(* In the synchronous authenticated setting with $n$ parties of which at most $t<n/2$ are Byzantine, the protocol ''Synchronous Crypto. $\frac{n}{2}$-BB'' described in the context, run with an $l$-bit sender input, satisfies Termination, Agreement and Validity of Byzantine broadcast, and has communication complexity $O(nl+\mathcal{B}(k)+\mathcal{A}(1)+kn^2)$.
   Context: Model: $n$ parties connected pairwise by reliable authenticated channels; synchronous; static PPT (in security parameter $k$) adversary corrupting up to $t$ parties (Byzantine). Trusted setup: PKI and accumulator key $ak$. Properties hold except with probability negligible in $k$. Communication complexity = worst-case total bits sent by honest parties. Byzantine broadcast (BB): sender $P_s$ holds input $m$; Termination: every honest party outputs; Agreement: all honest outputs equal; Validity: if the sender is honest, all honest parties output $m$. A $k$-bit BB oracle has cost $\mathcal{B}(k)$. Byzantine agreement (BA): each party has an input; every honest party outputs, honest outputs are equal, and if all honest inputs equal $v$ the output is $v$; a 1-bit BA oracle has cost $\mathcal{A}(1)$. Reed–Solomon code: $\texttt{ENC}$ maps $b$ data symbols to $n$ codeword symbols, any $b$ of which determine the data; $\texttt{DEC}$ corrects $c$ errors and $d$ erasures whenever $n-b\ge 2c+d$. Let $b=n-t$. Accumulator: deterministic $\texttt{Eval}(ak,\mathcal{D})$ returns an $O(k)$-bit value; $\texttt{CreateWit}(ak,z,d)$ returns an $O(k)$-bit witness for $d\in\mathcal{D}$; $\texttt{Verify}(ak,z,w,d)$ accepts honestly generated witnesses; collision-free: a PPT adversary cannot output $\mathcal{D}$, $d'\notin\mathcal{D}$, $w'$ with $\texttt{Verify}(ak,\texttt{Eval}(ak,\mathcal{D}),w',d')$ true except with negligible probability. Subroutines: $\texttt{Encode}(m,b)$ splits $m$ into $b$ equal blocks, computes $(s_1,\dots,s_n)=\texttt{ENC}(\text{blocks})$, returns $((1,s_1),\dots,(n,s_n))$. $\texttt{Distribute}(\mathcal{D},ak,z)$: send $(s_j,\texttt{CreateWit}(ak,z,(j,s_j)))$ to each $P_j$. $\texttt{Reconstruct}(\mathcal{S},ak,z,d_0)$: erase every $s_j$ whose witness fails $\texttt{Verify}(ak,z,w_j,(j,s_j))$ (or is missing), apply $\texttt{DEC}$ with $c=0,d=d_0$, return concatenated blocks. Protocol: (1) The sender computes $\mathcal{D}_s=\texttt{Encode}(m_s,b)$, $z_s=\texttt{Eval}(ak,\mathcal{D}_s)$, sends $m_s$ to every party, and broadcasts $z_s$ via a $k$-bit BB oracle. (2) Each $P_i$, with $m$ the message received from the sender and $z$ the BB output, computes $\mathcal{D}_i=\texttt{Encode}(m,b)$, $z_i=\texttt{Eval}(ak,\mathcal{D}_i)$, sets $happy_i=1$ if $z_i=z$ and $0$ otherwise, and inputs $happy_i$ to a 1-bit BA oracle. (3) If that outputs $0$, output $\bot$ and abort; if it outputs $1$ and $happy_i=1$, invoke $\texttt{Distribute}(\mathcal{D}_i,ak,z)$. (4) If some received pair $(s_i,w_i)$ satisfies $\texttt{Verify}(ak,z,w_i,(i,s_i))$, send it to all parties. (5) If $happy_i=1$ set $o_i=m$; otherwise $o_i=\texttt{Reconstruct}(\mathcal{S}_i,ak,z,t)$, where $\mathcal{S}_i$ collects the pair received from each $P_j$ in step 4. (6) Output $o_i$. *)

From HB Require Import structures.
From mathcomp Require Import all_boot.
Set Implicit Arguments. Unset Strict Implicit. Unset Printing Implicit Defensive.

Definition bits := seq bool.
(* accumulated items (j, s_j); indices are 0-based *)
Definition item := (nat * bits)%type.

Record accumulator (AK : Type) := Accumulator {
  acc_eval : AK -> seq item -> bits;
  acc_createwit : AK -> bits -> item -> bits;
  acc_verify : AK -> bits -> bits -> item -> bool
}.

Definition acc_correct AK (A : accumulator AK) (ak : AK) : Prop :=
  forall (D : seq item) (d : item), d \in D ->
    acc_verify A ak (acc_eval A ak D) (acc_createwit A ak (acc_eval A ak D) d) d.

Definition acc_size AK (A : accumulator AK) (ak : AK) (k ca : nat) : Prop :=
  [/\ forall D, size (acc_eval A ak D) <= ca * k,
      forall z d, size (acc_createwit A ak z d) <= ca * k &
      forall z w d, acc_verify A ak z w d -> size w <= ca * k].

Record rs_code := RSCode {
  rs_enc : seq bits -> seq bits;
  rs_dec : nat -> nat -> seq (option bits) -> seq bits (* DEC c d; None = erasure *)
}.

Definition n_erasures (r : seq (option bits)) : nat :=
  count (fun o => o == None) r.
Definition n_errors (r : seq (option bits)) (cw : seq bits) : nat :=
  count (fun p : option bits * bits =>
           if p.1 is Some x then x != p.2 else false) (zip r cw).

**Required work:** Each line from the one holding "count (fun o => o == None) r." through the last line of the data is to be transcribed exactly, with nothing else added.

**Result:**
  count (fun o => o == None) r.
Definition n_errors (r : seq (option bits)) (cw : seq bits) : nat :=
  count (fun p : option bits * bits =>
           if p.1 is Some x then x != p.2 else false) (zip r cw).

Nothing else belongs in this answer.